> [Provided entries]
Lemma cross_sum_eval b N : cross_sum b N =
  (-1) ^ b / 2 ^ b * (tail_error (inv_pow_nat b) N + odd_harmonic N * zeta_partial b N - J_partial b N)
  - (tail_error (inv_pow_odd b) N + odd_harmonic N * lambda_partial b N - Jbar_partial b N).
Proof.
  rewrite cross_sum_double.
  rewrite (psum_ext _ (fun k =>
      psum (fun m => / (- (2 * INR (S m))) ^ b * / (2 * INR (S m + k) + 1)) N
    - inv_pow_odd b k * psum (fun m => / (2 * INR (S k + m) + 1)) N)).
  2:{ intros k _. rewrite <- psum_scal_l, <- psum_minus. apply psum_ext; intros m _.
      replace (S k + m)%nat with (S m + k)%nat by lia. unfold inv_pow_odd. ring. }
  rewrite psum_minus, psum_swap.
  unfold zeta_partial, lambda_partial, J_partial, Jbar_partial.
  rewrite <- !psum_odd_harmonic_block_weighted, <- psum_scal_l.
  f_equal; apply psum_ext; intros m _.
  - rewrite psum_scal_l, odd_harmonic_block, <- pow_neg_half_inv. unfold inv_pow_nat. ring.
  - rewrite odd_harmonic_block. ring.
Qed.

Lemma lambda_partial_1 N : lambda_partial 1 N = odd_harmonic N.
Proof. apply psum_ext; intros. unfold inv_pow_odd. now rewrite pow_1. Qed.

Lemma cross_sum_split b N : (2 <= b)%nat -> cross_sum b N =
  - / 2 * lambda_partial b N * zeta_partial 1 N
  + sum_n_m (fun j => (-1) ^ (j + 1) / 2 ^ (j + 1) * lambda_partial (b - j) N * zeta_partial (j + 1) N)
      1 (b - 2)
  + (-1) ^ b / 2 ^ b * odd_harmonic N * zeta_partial b N.
Proof.
  intros Hb. destruct b as [|[|c]]; [lia|lia|].
  unfold cross_sum. rewrite psum_S, psum_succ_l, sum_n_m_1_psum.
  replace (S (S c) - 2)%nat with c by lia.
  replace (S (S c) - S c)%nat with 1%nat by lia.
  replace (S c + 1)%nat with (S (S c)) by lia.
  rewrite lambda_partial_1. simpl (S (S c) - 0)%nat. simpl (0 + 1)%nat.
  f_equal. f_equal. simpl. field.
Qed.
(* Let $G$ be a torsion-free group, $\mathbb{F}$ a field, $\alpha$ a zero divisor in $\mathbb{F}[G]$ and $\beta$ a mate of $\alpha$. If $|supp(\alpha)|\le 5$, then $\langle h^{-1}supp(\alpha)\rangle=\langle supp(\beta)g^{-1}\rangle$ for all $h\in supp(\alpha)$ and all $g\in supp(\beta)$.
   Context: A zero divisor is a non-zero $\alpha$ with $\alpha\beta'=0$ for some non-zero $\beta'$. A mate of $\alpha$ is a non-zero $\beta\in\mathbb{F}[G]$ with $\alpha\beta=0$ such that $|supp(\beta)|\le|supp(\beta')|$ for every non-zero $\beta'\in\mathbb{F}[G]$ with $\alpha\beta'=0$. Here $supp(\gamma)=\{x\in G:\gamma_x\ne0\}$. *)

From HB Require Import structures.
From mathcomp Require Import all_boot all_algebra.
From mathcomp Require Import finmap.
Set Implicit Arguments. Unset Strict Implicit. Unset Printing Implicit Defensive.
Import GRing.Theory.

Local Open Scope fset_scope.

Definition grpalg (G : groupType) (F : fieldType) := {fsfun G -> F with 0%R}.

Definition supp (G : groupType) (F : fieldType) (a : grpalg G F) : {fset G} :=
  finsupp a.

Definition gmul (G : groupType) (F : fieldType) (a b : grpalg G F) (x : G) : F :=
  (\sum_(y <- supp a) a y * b (y^-1 * x)%g)%R.

Definition gnonzero (G : groupType) (F : fieldType) (a : grpalg G F) : Prop :=
  exists x, a x <> 0%R.

Definition gmul_is_zero (G : groupType) (F : fieldType) (a b : grpalg G F) : Prop :=
  forall x, gmul a b x = 0%R.

Definition zero_divisor (G : groupType) (F : fieldType) (a : grpalg G F) : Prop :=
  gnonzero a /\ exists b', gnonzero b' /\ gmul_is_zero a b'.

Definition mate (G : groupType) (F : fieldType) (a b : grpalg G F) : Prop :=
  gnonzero b /\ gmul_is_zero a b /\
  forall b', gnonzero b' -> gmul_is_zero a b' -> (#|` supp b| <= #|` supp b'|)%N.

Definition torsion_free (G : groupType) : Prop :=
  forall (x : G) (n : nat), (0 < n)%N -> (x ^+ n)%g = 1%g -> x = 1%g.

Definition is_subgroup (G : groupType) (H : G -> Prop) : Prop :=
  H 1%g /\ (forall x y, H x -> H y -> H (x * y)%g) /\ (forall x, H x -> H (x^-1)%g).

Definition gen (G : groupType) (S : G -> Prop) : G -> Prop :=
  fun x => forall H : G -> Prop, is_subgroup H -> (forall s, S s -> H s) -> H x.

Definition lmul_set (G : groupType) (h : G) (A : {fset G}) : G -> Prop :=
  fun x => exists2 y, y \in A & x = (h^-1 * y)%g.
Definition rmul_set (G : groupType) (A : {fset G}) (g : G) : G -> Prop :=
  fun x => exists2 y, y \in A & x = (y * g^-1)%g.

From mathcomp Require Import all_boot all_algebra.
From mathcomp Require Import finmap boolp.
Set Implicit Arguments. Unset Strict Implicit. Unset Printing Implicit Defensive.
Import GRing.Theory.
Local Open Scope fset_scope.

(* Put L = <h^-1 supp(a)> and K = <supp(b) g^-1>.  Restricting b to the right
   coset L g still gives a b = 0, since every y in supp(a) lies in h L; by
   minimality of the mate, supp(b) lies in L g, i.e. K <= L.  Dually, cutting a
   along the left cosets h K and its complement splits a b = 0 into two zero
   products.  In a torsion-free group an element with at most two support
   points is not a zero divisor (a two-term relation forces b to be nonzero
   along an infinite orbit), so both pieces would need three support points,
   impossible when |supp(a)| <= 5.  Hence supp(a) lies in h K, i.e. L <= K. *)

Section Groups.
Variable G : groupType.
Implicit Types (S H : G -> Prop) (u v : G).

Lemma gen_subgroup S : is_subgroup (gen S).
Proof.
split; first by move=> H [].
split=> [x y Sx Sy H HH HS | x Sx H HH HS]; have [_ [HM HV]] := HH.
  by apply: HM; [apply: Sx | apply: Sy].
by apply: HV; apply: Sx.
Qed.

Lemma gen_in S s : S s -> gen S s.
Proof. by move=> Ss H _; apply. Qed.

Lemma subgroupMl H u v : is_subgroup H -> H u -> H (u * v)%g <-> H v.
Proof.
move=> [_ [HM HV]] Hu; split=> [Huv | Hv]; last exact: HM.
by rewrite -(mulKg u v); apply: HM => //; apply: HV.
Qed.

Lemma subgroupMr H u v : is_subgroup H -> H v -> H (u * v)%g <-> H u.
Proof.
move=> [_ [HM HV]] Hv; split=> [Huv | Hu]; last exact: HM.
by rewrite -(mulgK v u); apply: HM => //; apply: HV.
Qed.

Lemma torsion_free_expg_inj (t : G) :
  torsion_free G -> t != 1%g -> injective (fun n => t ^+ n)%g.
Proof.
move=> tf t1; suff le_inj i j : (i <= j)%N -> (t ^+ i)%g = (t ^+ j)%g -> i = j.
  by move=> i j e; case: (leqP i j) => [|/ltnW] ij; [|symmetry]; apply: le_inj.
move=> ij; rewrite -(subnKC ij) expgnDr -{1}(mulg1 (t ^+ i)%g) => /mulgI.
case: (j - i)%N => [|k /esym /(tf t k.+1 isT) /eqP]; first by rewrite addn0.
by rewrite (negbTE t1).
Qed.

End Groups.

Lemma inj_seq_notin_fset (T : choiceType) (A : {fset T}) (f : nat -> T) :
  injective f -> ~ (forall n, f n \in A).
Proof.
move=> finj fA; pose s := [seq f n | n <- iota 0 (#|` A|).+1].
have us : uniq s by rewrite map_inj_uniq ?iota_uniq.
have sA : {subset s <= enum_fset A} by move=> _ /mapP [n _ ->]; apply: fA.
by have := uniq_leq_size us sA; rewrite size_map size_iota ltnn.
Qed.

Lemma fsubset_fset2 (T : choiceType) (A : {fset T}) x :
  (#|` A| <= 2)%N -> x \in A -> exists y, A `<=` [fset x; y].
Proof.
move=> A2 xA; have [A0 | [y yA]] := fset_0Vmem (A `\ x).
  by exists x; rewrite fsetUid -fsetD_eq0 A0.
exists y; rewrite -(fsetD1K xA) fsetUS // -(eqP (_ : [fset y] == A `\ x)) //.
by rewrite eqEfcard fsub1set yA cardfs1; move: A2; rewrite (cardfsD1 x) xA.
Qed.

Section GroupAlgebra.
Variables (G : groupType) (F : fieldType).
Implicit Types (a b : grpalg G F) (P R : G -> Prop).

Lemma mem_supp a x : (x \in supp a) = (a x != 0%R).
Proof. by rewrite /supp mem_finsupp. Qed.

Lemma gnonzero_supp a x : x \in supp a -> gnonzero a.
Proof. by rewrite mem_supp => /eqP; exists x. Qed.

Lemma gmul_fsubset a b S x : supp a `<=` S ->
  gmul a b x = (\sum_(y <- S) a y * b (y^-1 * x)%g)%R.
Proof.
move=> aS; apply: big_fset_incl => // y _.
by rewrite mem_supp negbK => /eqP ->; rewrite mul0r.
Qed.

Definition restr a P : grpalg G F :=
  [fsfun x in supp a => if `[< P x >] then a x else 0%R].

Lemma restrE a P x : restr a P x = if `[< P x >] then a x else 0%R.
Proof.
rewrite fsfunE; case: ifP => // /negbT.
by rewrite mem_supp negbK => /eqP ->; case: ifP.
Qed.

Lemma mem_supp_restr a P x : (x \in supp (restr a P)) = `[< P x >] && (x \in supp a).
Proof. by rewrite !mem_supp restrE; case: ifP; rewrite ?eqxx. Qed.

Lemma supp_restr_sub a P : supp (restr a P) `<=` supp a.
Proof. by apply/fsubsetP => y; rewrite mem_supp_restr => /andP[]. Qed.

Lemma card_supp_restrC a P :
  (#|` supp (restr a P)| + #|` supp (restr a (fun x => ~ P x))|)%N = #|` supp a|.
Proof.
rewrite -(cardfsID (supp (restr a P)) (supp a)) (fsetIidPr (supp_restr_sub a P)).
congr (_ + #|` _|)%N; apply/fsetP => x.
by rewrite in_fsetD !mem_supp_restr asbool_neg; case: (x \in supp a); rewrite ?andbT ?andbF.
Qed.

Lemma gmul_zero_restrl a b P R : gmul_is_zero a b ->
  (forall x y, y \in supp a -> b (y^-1 * x)%g != 0%R -> P y <-> R x) ->
  gmul_is_zero (restr a P) b.
Proof.
move=> ab PR x; rewrite (gmul_fsubset _ _ (supp_restr_sub a P)).
have [Rx | nRx] := pselect (R x).
  rewrite -[RHS](ab x); apply: eq_big_seq => y ya; rewrite restrE.
  have [->|bn] := eqVneq (b (y^-1 * x)%g) 0%R; first by rewrite !mulr0.
  by rewrite asboolT // (PR x y ya bn).
apply: big1_seq => y /andP[_ ya]; rewrite restrE.
have [->|bn] := eqVneq (b (y^-1 * x)%g) 0%R; first by rewrite mulr0.
by rewrite asboolF ?mul0r // => /(PR x y ya bn).
Qed.

Lemma gmul_zero_restrr a b P R : gmul_is_zero a b ->
  (forall x y, y \in supp a -> P (y^-1 * x)%g <-> R x) ->
  gmul_is_zero a (restr b P).
Proof.
move=> ab PR x; have [Rx | nRx] := pselect (R x).
  by rewrite -[RHS](ab x); apply: eq_big_seq => y ya; rewrite restrE asboolT // PR.
by apply: big1_seq => y /andP[_ ya]; rewrite restrE asboolF ?mulr0 // PR.
Qed.

(* (a b)_(x0 u) = a_x0 b_u + a_y b_(y^-1 x0 u); the degenerate case y = x0
   covers one-point supports. *)
Lemma gmul_zero_supp2_shift a b x0 y u :
  supp a `<=` [fset x0; y] -> a x0 != 0%R -> gmul_is_zero a b -> b u != 0%R ->
  x0 != y /\ b (y^-1 * x0 * u)%g != 0%R.
Proof.
move=> a2 ax0 ab bu; have := ab (x0 * u)%g; rewrite (gmul_fsubset _ _ a2).
have [<- | x0y] := eqVneq x0 y.
  by rewrite fsetUid big_seq_fset1 mulKg => /eqP; rewrite mulf_eq0 (negbTE ax0) (negbTE bu).
rewrite big_fsetU1 ?inE // big_seq_fset1 mulKg mulgA => /eqP; rewrite addr_eq0 => /eqP e.
split=> //; apply: contraNneq (mulf_neq0 ax0 bu) => b0.
by rewrite e b0 mulr0 oppr0.
Qed.

Lemma zero_divisor_supp_gt2 a b : torsion_free G ->
  gnonzero a -> gnonzero b -> gmul_is_zero a b -> (2 < #|` supp a|)%N.
Proof.
move=> tf [x0 /eqP ax0] [w /eqP bw] ab; rewrite ltnNge; apply/negP => a2.
have x0a : x0 \in supp a by rewrite mem_supp.
have [y ax0y] := fsubset_fset2 a2 x0a.
pose t := (y^-1 * x0)%g.
have t1 : t != 1%g.
  have [x0y _] := gmul_zero_supp2_shift ax0y ax0 ab bw.
  by apply: contra x0y => /eqP t1; rewrite -(mulVKg y x0) -/t t1 mulg1.
have orbit n : b (t ^+ n * w)%g != 0%R.
  elim: n => [|n IH]; first by rewrite expg0 mul1g.
  by rewrite expgS -mulgA; have [] := gmul_zero_supp2_shift ax0y ax0 ab IH.
apply: (@inj_seq_notin_fset _ (supp b) (fun n => t ^+ n * w)%g).
  by move=> i j /mulIg; apply: torsion_free_expg_inj.
by move=> n; rewrite mem_supp.
Qed.

Lemma mate_supp_rcoset a b L h g : mate a b -> is_subgroup L ->
  (forall y, y \in supp a -> L (h^-1 * y)%g) -> g \in supp b ->
  forall w, w \in supp b -> L (w * g^-1)%g.
Proof.
move=> [_ [ab bmin]] Lsub La gb.
pose P w := L (w * g^-1)%g.
have Pb : gmul_is_zero a (restr b P).
  apply: (gmul_zero_restrr (R := fun x => L (h^-1 * x * g^-1)%g)) ab _ => x y ya.
  have -> : (h^-1 * x * g^-1 = h^-1 * y * (y^-1 * x * g^-1))%g by rewrite !mulgA mulgK.
  by rewrite (subgroupMl _ Lsub (La y ya)).
have Pg : g \in supp (restr b P).
  by rewrite mem_supp_restr gb asboolT // /P mulgV; case: Lsub.
have bP : supp (restr b P) = supp b.
  by apply/eqP; rewrite eqEfcard supp_restr_sub (bmin _ (gnonzero_supp Pg) Pb).
by move=> w; rewrite -bP mem_supp_restr => /andP[/asboolP].
Qed.

Lemma supp_le5_lcoset a b K h g : torsion_free G ->
  (#|` supp a| <= 5)%N -> gnonzero b -> gmul_is_zero a b -> is_subgroup K ->
  (forall w, w \in supp b -> K (w * g^-1)%g) -> h \in supp a ->
  forall y, y \in supp a -> K (h^-1 * y)%g.
Proof.
move=> tf a5 bnz ab Ksub Kb ha y ya; apply: contrapT => nKy.
pose Q z := K (h^-1 * z)%g.
have fibre x z : z \in supp a -> b (z^-1 * x)%g != 0%R ->
    Q z <-> K (h^-1 * x * g^-1)%g.
  move=> _ bz; have -> : (h^-1 * x * g^-1 = h^-1 * z * (z^-1 * x * g^-1))%g.
    by rewrite !mulgA mulgK.
  by rewrite (subgroupMr _ Ksub (Kb _ _)) // mem_supp.
have fibreC x z : z \in supp a -> b (z^-1 * x)%g != 0%R ->
    ~ Q z <-> ~ K (h^-1 * x * g^-1)%g.
  by move=> za bz; split=> nQ ?; apply: nQ; apply/(fibre x z za bz).
have QC3 : (2 < #|` supp (restr a (fun z => ~ Q z))|)%N.
  apply: zero_divisor_supp_gt2 tf _ bnz (gmul_zero_restrl ab fibreC).
  by apply: (@gnonzero_supp _ y); rewrite mem_supp_restr ya asboolT.
have Q3 : (2 < #|` supp (restr a Q)|)%N.
  apply: zero_divisor_supp_gt2 tf _ bnz (gmul_zero_restrl ab fibre).
  by apply: (@gnonzero_supp _ h); rewrite mem_supp_restr ha asboolT // /Q mulVg; case: Ksub.
by move: a5; rewrite -(card_supp_restrC a Q) leqNgt (leq_add Q3 QC3).
Qed.

End GroupAlgebra.

Theorem mainTheorem6 (G : groupType) (F : fieldType) (a b : grpalg G F) :
  torsion_free G ->
  zero_divisor a ->
  mate a b ->
  (#|` supp a| <= 5)%N ->
  forall h g, h \in supp a -> g \in supp b ->
    forall x, gen (lmul_set h (supp a)) x <-> gen (rmul_set (supp b) g) x.
Proof.
move=> tf _ mab a5 h g ha gb x; have [bnz [ab _]] := mab.
have Lsub := gen_subgroup (lmul_set h (supp a)).
have Ksub := gen_subgroup (rmul_set (supp b) g).
split=> gen_x; apply: gen_x => // _ [y ya ->].
- apply: (supp_le5_lcoset tf a5 bnz ab Ksub _ ha) => // w wb.
  by apply: gen_in; exists w.
- apply: (mate_supp_rcoset mab Lsub _ gb) => // z za.
  by apply: gen_in; exists z.
Qed.
Lemma transversal_shattered {Omega : Type} (C : concept_class Omega) n A
    (l : list Omega) :
  shatters_family C n A -> length l = n ->
  (forall i x, nth_error l i = Some x -> A i x) ->
  NoDup l /\ shatters C l.
Proof.
  intros Hsh Hlen Hl.
  assert (Hidx : forall i x, nth_error l i = Some x -> i < n).
  { intros i x E. rewrite <- Hlen. apply nth_error_Some. congruence. }
  split.
  - apply NoDup_nth_error. intros i j Hi Eij.
    destruct (nth_error l i) as [x|] eqn:Ei; [|apply nth_error_Some in Ei; lia].
    destruct (Nat.eq_dec i j) as [|Hne]; [assumption|exfalso].
    destruct (Hsh (fun k => k = i)) as [c [_ Hc]].
    apply (proj2 (Hc j (Hidx j x (eq_sym Eij))) (fun E => Hne (eq_sym E)) x).
    + apply Hl. congruence.
    + apply (proj1 (Hc i (Hidx i x Ei)) eq_refl). apply Hl, Ei.
  - intro J'.
    destruct (Hsh (fun i => exists x, nth_error l i = Some x /\ J' x))
      as [c [Hc Hreal]].
    exists c. split; [exact Hc|]. intros x Hx.
    destruct (In_nth_error l x Hx) as [i Ei].
    destruct (Hreal i (Hidx i x Ei)) as [Hin Hout]. split.
    + intro Hcx. apply NNPP. intro HJ.
      assert (Hnot : ~ exists y, nth_error l i = Some y /\ J' y).
      { intros [y [Ey Jy]]. apply HJ. congruence. }
      exact (Hout Hnot x (Hl i x Ei) Hcx).
    + intro HJ. apply (Hin (ex_intro _ x (conj Ei HJ)) x (Hl i x Ei)).
Qed.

> [The problem] Go to the line with "Lemma cross_sum_split b" in the entries above and repeat every line from there through the line with "From HB Require Import structures.", exactly and with no other text.

> [Answer to this problem]
Lemma cross_sum_split b N : (2 <= b)%nat -> cross_sum b N =
  - / 2 * lambda_partial b N * zeta_partial 1 N
  + sum_n_m (fun j => (-1) ^ (j + 1) / 2 ^ (j + 1) * lambda_partial (b - j) N * zeta_partial (j + 1) N)
      1 (b - 2)
  + (-1) ^ b / 2 ^ b * odd_harmonic N * zeta_partial b N.
Proof.
  intros Hb. destruct b as [|[|c]]; [lia|lia|].
  unfold cross_sum. rewrite psum_S, psum_succ_l, sum_n_m_1_psum.
  replace (S (S c) - 2)%nat with c by lia.
  replace (S (S c) - S c)%nat with 1%nat by lia.
  replace (S c + 1)%nat with (S (S c)) by lia.
  rewrite lambda_partial_1. simpl (S (S c) - 0)%nat. simpl (0 + 1)%nat.
  f_equal. f_equal. simpl. field.
Qed.
(* Let $G$ be a torsion-free group, $\mathbb{F}$ a field, $\alpha$ a zero divisor in $\mathbb{F}[G]$ and $\beta$ a mate of $\alpha$. If $|supp(\alpha)|\le 5$, then $\langle h^{-1}supp(\alpha)\rangle=\langle supp(\beta)g^{-1}\rangle$ for all $h\in supp(\alpha)$ and all $g\in supp(\beta)$.
   Context: A zero divisor is a non-zero $\alpha$ with $\alpha\beta'=0$ for some non-zero $\beta'$. A mate of $\alpha$ is a non-zero $\beta\in\mathbb{F}[G]$ with $\alpha\beta=0$ such that $|supp(\beta)|\le|supp(\beta')|$ for every non-zero $\beta'\in\mathbb{F}[G]$ with $\alpha\beta'=0$. Here $supp(\gamma)=\{x\in G:\gamma_x\ne0\}$. *)

From HB Require Import structures.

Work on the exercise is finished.